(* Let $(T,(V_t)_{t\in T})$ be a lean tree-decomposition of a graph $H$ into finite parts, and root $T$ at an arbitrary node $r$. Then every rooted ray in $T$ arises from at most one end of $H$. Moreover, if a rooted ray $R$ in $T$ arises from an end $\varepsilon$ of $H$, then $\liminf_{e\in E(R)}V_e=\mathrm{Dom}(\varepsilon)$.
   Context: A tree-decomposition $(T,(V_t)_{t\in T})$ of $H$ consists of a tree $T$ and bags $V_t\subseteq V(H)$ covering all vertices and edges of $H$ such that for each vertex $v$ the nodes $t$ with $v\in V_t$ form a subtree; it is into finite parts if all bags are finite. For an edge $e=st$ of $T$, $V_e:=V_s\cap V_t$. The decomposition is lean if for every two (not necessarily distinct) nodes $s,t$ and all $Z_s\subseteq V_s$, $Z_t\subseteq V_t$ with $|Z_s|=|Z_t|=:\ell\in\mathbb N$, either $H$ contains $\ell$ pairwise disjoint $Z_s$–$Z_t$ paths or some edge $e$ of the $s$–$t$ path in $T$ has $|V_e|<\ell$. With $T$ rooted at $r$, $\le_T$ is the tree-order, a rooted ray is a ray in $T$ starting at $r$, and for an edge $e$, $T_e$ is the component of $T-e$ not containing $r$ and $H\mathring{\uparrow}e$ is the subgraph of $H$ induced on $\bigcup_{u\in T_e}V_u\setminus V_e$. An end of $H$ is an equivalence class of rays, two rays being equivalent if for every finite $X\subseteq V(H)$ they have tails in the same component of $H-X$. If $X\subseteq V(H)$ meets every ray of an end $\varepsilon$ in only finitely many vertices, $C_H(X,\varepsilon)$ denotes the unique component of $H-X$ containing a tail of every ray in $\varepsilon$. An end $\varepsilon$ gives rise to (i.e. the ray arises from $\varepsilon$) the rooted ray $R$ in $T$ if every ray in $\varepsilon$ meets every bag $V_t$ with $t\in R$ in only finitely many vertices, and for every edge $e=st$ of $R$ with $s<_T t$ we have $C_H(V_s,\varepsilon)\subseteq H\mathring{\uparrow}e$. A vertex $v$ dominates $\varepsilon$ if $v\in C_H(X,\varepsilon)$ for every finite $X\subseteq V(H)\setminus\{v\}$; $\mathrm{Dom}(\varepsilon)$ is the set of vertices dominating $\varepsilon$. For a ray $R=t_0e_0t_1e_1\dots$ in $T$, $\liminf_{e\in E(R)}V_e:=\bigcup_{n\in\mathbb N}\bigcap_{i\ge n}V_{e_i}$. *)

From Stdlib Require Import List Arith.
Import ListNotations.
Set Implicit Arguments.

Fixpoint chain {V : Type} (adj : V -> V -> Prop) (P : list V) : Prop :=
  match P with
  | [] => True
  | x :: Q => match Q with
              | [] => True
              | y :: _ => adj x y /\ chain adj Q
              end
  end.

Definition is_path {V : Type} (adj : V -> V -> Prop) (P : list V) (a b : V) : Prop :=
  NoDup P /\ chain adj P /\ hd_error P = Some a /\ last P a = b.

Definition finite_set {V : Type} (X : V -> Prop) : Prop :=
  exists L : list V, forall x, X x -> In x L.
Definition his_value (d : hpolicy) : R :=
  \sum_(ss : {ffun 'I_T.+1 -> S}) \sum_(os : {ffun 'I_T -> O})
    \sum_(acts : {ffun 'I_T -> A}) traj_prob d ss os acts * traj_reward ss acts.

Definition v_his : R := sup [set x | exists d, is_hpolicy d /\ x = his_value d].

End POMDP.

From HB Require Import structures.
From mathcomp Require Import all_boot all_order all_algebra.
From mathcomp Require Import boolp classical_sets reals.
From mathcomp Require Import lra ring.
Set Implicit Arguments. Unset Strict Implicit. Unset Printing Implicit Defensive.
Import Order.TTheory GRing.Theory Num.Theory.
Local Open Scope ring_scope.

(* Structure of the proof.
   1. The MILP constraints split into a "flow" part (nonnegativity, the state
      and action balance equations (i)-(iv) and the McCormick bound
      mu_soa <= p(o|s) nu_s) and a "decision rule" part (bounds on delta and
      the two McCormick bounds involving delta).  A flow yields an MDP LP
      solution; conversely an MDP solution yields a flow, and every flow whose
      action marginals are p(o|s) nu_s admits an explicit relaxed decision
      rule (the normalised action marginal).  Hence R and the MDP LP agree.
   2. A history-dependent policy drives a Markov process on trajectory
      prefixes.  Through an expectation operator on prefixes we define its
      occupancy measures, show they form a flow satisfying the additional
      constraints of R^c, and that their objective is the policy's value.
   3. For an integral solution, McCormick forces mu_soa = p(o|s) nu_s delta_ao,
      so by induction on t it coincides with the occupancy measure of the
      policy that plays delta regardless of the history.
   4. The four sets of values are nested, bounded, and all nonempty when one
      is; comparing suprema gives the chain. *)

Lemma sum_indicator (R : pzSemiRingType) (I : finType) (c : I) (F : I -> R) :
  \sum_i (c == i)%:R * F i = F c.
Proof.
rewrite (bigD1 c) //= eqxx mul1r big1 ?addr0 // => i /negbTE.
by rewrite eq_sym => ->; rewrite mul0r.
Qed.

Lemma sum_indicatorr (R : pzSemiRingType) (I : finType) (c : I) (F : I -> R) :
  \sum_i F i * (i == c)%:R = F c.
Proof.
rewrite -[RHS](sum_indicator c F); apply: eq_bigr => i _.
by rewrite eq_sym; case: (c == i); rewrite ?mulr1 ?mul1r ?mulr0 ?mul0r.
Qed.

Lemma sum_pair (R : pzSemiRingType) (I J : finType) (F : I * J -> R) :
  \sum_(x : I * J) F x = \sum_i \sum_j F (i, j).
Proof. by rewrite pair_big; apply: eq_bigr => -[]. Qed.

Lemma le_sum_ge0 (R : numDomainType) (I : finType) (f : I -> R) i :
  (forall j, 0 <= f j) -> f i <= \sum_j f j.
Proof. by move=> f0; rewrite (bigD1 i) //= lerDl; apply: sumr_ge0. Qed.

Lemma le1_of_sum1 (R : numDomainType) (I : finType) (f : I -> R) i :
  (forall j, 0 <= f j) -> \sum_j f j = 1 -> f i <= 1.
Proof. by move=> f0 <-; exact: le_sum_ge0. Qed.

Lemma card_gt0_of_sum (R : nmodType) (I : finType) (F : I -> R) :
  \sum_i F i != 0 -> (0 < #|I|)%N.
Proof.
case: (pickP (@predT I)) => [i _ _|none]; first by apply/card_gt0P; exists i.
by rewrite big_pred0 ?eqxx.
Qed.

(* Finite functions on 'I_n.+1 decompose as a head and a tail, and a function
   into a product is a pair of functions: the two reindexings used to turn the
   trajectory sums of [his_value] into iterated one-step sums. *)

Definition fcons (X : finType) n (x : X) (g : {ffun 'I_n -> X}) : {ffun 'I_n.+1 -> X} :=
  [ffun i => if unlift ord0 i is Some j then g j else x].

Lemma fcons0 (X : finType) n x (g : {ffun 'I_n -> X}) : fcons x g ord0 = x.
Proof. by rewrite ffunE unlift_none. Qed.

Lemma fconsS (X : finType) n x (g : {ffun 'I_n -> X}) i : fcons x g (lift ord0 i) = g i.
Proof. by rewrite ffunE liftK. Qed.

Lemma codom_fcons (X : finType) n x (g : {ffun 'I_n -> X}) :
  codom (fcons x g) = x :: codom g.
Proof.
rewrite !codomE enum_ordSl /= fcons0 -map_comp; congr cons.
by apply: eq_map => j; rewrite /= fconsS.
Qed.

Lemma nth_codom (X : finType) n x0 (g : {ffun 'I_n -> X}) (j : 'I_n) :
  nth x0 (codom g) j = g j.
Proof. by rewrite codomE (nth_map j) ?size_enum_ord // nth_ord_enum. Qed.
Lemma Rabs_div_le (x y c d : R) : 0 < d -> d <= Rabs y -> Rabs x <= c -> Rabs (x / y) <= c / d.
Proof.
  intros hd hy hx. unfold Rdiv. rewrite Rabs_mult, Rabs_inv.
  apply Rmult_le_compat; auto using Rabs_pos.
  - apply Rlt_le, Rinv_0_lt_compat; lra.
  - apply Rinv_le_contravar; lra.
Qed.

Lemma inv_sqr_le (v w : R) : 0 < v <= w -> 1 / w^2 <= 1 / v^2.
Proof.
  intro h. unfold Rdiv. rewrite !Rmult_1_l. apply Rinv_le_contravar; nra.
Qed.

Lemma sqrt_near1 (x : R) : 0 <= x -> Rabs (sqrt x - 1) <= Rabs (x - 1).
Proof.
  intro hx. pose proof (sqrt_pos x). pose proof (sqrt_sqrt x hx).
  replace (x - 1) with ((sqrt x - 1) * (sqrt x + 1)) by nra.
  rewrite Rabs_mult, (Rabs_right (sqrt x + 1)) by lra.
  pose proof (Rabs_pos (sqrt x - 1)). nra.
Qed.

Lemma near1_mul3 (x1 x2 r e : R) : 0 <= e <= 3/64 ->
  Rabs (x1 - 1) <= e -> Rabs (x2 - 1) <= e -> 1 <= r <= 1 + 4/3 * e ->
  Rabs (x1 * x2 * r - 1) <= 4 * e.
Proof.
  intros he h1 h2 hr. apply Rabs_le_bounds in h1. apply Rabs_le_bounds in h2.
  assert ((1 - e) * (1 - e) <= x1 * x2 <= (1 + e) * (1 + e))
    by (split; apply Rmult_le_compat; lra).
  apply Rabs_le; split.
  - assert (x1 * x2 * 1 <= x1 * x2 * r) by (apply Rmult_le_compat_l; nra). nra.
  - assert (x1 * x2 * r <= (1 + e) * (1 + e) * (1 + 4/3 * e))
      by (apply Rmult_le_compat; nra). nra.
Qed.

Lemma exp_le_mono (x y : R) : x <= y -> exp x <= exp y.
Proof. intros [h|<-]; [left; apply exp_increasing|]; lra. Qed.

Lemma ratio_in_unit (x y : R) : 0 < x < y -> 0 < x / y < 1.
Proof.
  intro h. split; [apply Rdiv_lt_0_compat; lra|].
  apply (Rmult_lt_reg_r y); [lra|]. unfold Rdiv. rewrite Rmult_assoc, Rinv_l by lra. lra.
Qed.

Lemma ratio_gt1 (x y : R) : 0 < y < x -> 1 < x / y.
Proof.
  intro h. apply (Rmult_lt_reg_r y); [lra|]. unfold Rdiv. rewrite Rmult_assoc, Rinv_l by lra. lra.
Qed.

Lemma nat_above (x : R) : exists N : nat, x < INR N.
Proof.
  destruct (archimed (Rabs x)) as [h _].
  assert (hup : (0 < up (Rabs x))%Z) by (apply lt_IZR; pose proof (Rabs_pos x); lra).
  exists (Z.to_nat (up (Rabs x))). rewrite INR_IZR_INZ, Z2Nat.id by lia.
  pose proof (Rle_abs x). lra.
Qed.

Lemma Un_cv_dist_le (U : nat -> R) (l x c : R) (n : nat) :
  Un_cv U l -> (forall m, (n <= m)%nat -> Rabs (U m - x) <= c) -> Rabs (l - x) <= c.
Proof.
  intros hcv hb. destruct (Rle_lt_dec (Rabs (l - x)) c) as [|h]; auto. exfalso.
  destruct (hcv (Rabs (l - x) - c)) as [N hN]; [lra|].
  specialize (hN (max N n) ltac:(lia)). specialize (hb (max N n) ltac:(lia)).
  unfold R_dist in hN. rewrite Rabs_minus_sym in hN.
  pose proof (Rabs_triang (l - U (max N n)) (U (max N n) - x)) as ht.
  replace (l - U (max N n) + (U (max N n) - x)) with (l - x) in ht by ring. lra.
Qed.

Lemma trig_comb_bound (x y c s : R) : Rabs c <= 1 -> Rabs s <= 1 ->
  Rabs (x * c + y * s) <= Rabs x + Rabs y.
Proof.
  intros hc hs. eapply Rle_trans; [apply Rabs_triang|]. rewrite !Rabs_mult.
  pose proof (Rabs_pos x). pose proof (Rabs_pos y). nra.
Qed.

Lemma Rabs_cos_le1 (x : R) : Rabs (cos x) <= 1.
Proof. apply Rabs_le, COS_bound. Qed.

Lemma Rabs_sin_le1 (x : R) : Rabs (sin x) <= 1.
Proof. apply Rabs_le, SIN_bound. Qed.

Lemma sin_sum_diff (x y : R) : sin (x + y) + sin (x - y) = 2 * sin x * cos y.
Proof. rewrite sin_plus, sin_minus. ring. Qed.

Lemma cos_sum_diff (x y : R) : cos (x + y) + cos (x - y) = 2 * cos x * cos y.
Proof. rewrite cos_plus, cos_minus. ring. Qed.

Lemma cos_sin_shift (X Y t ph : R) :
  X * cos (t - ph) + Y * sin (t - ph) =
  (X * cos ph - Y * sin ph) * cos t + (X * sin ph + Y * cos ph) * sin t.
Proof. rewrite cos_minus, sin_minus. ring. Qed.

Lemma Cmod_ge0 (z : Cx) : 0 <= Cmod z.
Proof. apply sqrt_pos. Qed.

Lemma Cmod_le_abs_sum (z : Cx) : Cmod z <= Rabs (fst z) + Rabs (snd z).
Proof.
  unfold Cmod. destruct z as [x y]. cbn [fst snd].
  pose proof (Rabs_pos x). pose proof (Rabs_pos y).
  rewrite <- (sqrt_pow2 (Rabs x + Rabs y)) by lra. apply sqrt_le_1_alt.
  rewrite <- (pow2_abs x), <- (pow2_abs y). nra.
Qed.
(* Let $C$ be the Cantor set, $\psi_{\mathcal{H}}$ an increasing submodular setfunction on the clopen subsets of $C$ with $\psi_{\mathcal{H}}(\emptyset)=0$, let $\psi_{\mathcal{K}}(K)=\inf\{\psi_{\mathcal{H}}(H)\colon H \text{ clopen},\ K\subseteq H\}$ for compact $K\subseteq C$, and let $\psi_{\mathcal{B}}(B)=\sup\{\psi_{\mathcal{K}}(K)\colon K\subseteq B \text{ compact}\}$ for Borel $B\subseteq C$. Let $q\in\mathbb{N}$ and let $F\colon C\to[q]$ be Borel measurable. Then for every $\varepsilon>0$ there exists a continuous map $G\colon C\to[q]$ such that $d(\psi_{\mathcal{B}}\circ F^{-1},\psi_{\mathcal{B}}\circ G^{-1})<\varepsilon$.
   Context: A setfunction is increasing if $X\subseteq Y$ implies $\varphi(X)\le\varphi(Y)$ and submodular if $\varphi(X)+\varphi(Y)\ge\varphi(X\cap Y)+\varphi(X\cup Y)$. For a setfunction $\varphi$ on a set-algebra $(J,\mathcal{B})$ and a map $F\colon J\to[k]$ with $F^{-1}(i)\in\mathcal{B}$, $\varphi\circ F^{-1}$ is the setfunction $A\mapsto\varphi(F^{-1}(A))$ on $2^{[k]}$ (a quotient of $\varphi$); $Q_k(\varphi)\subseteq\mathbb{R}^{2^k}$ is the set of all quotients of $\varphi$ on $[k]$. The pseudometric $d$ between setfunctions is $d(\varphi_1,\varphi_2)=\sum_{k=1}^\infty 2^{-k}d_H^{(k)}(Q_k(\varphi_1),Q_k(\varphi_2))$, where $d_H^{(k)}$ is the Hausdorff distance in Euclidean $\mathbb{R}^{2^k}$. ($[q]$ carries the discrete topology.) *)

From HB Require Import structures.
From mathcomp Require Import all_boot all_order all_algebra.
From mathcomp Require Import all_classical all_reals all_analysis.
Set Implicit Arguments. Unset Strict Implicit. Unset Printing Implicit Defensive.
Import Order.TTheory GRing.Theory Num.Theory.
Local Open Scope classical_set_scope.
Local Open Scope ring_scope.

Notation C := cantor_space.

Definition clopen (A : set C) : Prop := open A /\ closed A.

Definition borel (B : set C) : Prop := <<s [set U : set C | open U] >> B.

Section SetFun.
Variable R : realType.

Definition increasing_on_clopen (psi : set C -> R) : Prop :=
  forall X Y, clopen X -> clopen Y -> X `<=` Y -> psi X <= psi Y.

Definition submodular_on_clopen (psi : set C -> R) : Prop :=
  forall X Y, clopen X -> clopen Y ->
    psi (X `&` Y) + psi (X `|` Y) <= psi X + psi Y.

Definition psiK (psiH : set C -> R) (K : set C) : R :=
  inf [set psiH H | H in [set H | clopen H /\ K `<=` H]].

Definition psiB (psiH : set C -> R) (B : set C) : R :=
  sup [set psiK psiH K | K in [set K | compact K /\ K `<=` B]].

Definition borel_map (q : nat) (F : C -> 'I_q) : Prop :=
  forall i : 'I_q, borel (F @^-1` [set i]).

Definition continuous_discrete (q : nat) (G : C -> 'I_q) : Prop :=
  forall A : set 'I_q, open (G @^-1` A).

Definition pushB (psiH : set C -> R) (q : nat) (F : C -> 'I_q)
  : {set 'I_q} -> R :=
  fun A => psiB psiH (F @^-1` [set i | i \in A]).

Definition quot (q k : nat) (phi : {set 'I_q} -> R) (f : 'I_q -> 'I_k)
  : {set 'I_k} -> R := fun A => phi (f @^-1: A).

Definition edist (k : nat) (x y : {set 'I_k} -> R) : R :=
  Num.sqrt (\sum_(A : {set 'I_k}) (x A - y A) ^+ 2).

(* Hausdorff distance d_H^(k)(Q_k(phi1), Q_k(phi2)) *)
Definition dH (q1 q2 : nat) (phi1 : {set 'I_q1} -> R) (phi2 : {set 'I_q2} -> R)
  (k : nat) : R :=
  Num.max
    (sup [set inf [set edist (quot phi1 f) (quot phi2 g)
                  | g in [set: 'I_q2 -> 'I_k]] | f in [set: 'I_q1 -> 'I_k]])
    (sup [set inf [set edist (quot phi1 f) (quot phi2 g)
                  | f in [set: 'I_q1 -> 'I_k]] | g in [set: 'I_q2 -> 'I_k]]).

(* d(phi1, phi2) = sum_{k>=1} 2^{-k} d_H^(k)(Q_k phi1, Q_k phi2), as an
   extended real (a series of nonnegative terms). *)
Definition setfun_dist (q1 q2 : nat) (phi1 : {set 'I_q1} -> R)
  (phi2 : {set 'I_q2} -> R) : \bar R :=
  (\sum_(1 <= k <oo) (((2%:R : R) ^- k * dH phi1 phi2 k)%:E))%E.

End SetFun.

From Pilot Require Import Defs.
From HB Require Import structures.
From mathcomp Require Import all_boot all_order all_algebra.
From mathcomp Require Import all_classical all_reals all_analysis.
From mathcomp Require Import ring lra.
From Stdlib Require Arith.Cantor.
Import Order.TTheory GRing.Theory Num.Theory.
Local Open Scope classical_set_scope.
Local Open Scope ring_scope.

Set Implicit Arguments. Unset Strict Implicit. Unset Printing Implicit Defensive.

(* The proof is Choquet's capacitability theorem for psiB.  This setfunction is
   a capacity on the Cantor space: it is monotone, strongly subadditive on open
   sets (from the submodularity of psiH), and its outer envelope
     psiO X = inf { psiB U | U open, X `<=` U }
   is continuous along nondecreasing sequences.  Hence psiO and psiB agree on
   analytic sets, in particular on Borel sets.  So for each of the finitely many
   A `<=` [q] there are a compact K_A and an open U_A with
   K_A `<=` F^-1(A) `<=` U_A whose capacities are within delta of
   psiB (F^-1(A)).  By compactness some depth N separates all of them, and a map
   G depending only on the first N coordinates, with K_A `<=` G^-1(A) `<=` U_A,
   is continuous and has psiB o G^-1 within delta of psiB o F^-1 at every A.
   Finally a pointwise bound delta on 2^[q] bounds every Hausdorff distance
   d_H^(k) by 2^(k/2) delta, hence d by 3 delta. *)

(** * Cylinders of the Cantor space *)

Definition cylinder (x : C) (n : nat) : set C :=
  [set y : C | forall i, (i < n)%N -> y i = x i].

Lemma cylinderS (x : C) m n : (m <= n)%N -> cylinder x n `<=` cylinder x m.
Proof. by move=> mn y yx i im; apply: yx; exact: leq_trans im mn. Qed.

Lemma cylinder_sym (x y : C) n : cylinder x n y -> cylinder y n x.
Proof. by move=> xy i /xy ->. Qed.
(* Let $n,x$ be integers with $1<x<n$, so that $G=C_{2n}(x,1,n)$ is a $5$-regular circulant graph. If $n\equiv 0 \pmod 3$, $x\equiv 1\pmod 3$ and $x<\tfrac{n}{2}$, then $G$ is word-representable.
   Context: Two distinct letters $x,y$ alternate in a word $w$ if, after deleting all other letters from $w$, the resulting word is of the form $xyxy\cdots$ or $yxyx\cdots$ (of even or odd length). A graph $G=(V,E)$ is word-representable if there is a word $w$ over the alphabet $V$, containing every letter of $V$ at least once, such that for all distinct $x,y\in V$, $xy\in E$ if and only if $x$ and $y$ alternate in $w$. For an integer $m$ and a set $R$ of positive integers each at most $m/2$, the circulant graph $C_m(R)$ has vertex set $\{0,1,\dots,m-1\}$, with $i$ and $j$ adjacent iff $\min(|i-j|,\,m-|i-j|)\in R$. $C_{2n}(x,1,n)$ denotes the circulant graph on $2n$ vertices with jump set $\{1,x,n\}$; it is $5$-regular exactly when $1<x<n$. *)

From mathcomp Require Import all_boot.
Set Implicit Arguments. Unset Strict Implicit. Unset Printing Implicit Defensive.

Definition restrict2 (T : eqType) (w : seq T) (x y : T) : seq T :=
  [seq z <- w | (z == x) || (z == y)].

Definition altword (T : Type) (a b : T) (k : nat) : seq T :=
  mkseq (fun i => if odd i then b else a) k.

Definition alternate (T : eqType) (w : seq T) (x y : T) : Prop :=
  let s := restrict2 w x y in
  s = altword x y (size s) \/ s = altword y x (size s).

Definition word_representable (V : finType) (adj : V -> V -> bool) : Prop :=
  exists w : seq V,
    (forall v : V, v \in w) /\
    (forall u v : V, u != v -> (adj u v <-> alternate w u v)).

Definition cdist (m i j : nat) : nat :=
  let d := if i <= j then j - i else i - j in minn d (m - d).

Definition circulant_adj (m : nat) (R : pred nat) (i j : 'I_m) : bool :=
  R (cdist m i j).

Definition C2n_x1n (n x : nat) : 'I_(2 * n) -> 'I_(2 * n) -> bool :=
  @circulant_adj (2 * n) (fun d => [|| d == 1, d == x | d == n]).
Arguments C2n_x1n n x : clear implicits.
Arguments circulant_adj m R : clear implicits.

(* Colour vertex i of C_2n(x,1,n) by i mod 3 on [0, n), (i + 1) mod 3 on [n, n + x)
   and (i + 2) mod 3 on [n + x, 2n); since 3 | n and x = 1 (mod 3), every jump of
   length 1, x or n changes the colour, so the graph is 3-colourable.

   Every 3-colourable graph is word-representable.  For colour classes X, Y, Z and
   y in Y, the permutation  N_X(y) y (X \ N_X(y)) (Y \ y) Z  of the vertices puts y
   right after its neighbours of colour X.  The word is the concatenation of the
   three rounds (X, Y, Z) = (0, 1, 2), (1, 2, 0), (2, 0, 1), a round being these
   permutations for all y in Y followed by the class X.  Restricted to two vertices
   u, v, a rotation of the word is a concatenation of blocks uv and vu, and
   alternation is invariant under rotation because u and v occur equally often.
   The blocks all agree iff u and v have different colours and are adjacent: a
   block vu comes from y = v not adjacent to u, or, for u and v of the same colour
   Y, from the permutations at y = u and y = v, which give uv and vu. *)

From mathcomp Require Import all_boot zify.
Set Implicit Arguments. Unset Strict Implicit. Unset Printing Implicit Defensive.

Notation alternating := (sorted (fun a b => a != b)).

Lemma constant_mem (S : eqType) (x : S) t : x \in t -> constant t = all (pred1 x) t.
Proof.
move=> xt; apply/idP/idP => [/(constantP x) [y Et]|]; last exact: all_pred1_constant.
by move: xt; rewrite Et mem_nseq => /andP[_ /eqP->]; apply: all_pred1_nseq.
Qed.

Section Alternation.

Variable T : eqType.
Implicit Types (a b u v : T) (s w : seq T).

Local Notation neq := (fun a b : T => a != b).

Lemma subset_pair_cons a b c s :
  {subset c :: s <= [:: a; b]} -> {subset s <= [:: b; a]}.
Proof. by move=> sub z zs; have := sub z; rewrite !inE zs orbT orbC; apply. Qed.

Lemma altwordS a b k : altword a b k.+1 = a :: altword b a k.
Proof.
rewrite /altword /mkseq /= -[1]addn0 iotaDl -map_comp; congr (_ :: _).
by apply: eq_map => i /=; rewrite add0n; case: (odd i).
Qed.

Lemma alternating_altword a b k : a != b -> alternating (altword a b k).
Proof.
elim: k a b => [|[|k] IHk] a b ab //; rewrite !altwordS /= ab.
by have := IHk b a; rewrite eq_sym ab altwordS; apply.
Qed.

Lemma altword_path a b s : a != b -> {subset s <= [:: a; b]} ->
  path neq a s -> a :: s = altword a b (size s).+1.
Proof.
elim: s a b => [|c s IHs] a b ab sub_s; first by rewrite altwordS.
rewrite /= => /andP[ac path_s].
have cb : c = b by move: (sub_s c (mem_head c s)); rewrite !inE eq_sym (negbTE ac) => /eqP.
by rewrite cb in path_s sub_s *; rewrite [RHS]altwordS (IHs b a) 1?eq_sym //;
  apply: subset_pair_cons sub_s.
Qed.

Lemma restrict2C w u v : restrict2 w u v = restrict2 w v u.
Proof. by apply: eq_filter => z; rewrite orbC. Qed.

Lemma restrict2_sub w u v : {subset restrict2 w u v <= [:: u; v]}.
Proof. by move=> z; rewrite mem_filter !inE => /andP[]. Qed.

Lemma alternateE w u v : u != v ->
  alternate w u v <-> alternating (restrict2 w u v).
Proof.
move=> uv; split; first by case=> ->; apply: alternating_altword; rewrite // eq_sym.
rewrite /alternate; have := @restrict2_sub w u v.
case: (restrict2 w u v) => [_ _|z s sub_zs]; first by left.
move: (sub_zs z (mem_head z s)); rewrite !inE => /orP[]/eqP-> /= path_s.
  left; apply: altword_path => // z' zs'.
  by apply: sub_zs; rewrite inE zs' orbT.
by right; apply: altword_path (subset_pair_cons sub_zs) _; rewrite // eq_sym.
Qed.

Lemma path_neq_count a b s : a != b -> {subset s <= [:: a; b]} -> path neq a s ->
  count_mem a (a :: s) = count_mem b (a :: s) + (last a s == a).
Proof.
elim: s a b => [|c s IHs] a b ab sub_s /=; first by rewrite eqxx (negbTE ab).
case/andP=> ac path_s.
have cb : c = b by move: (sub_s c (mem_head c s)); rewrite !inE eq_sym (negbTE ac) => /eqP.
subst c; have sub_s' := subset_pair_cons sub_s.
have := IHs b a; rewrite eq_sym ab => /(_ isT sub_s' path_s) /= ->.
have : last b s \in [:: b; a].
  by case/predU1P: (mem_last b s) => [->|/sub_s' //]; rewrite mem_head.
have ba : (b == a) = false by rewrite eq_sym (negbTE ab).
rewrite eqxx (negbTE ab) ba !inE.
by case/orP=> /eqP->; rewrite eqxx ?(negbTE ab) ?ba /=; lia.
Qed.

● Exercise
An exact copy of the lines above, from the one containing "From mathcomp Require Import boolp" through the one containing "mu_soa <= p(o|s)", is the whole of the answer.

● Solution to this problem
From mathcomp Require Import boolp classical_sets reals.
From mathcomp Require Import lra ring.
Set Implicit Arguments. Unset Strict Implicit. Unset Printing Implicit Defensive.
Import Order.TTheory GRing.Theory Num.Theory.
Local Open Scope ring_scope.

(* Structure of the proof.
   1. The MILP constraints split into a "flow" part (nonnegativity, the state
      and action balance equations (i)-(iv) and the McCormick bound
      mu_soa <= p(o|s) nu_s) and a "decision rule" part (bounds on delta and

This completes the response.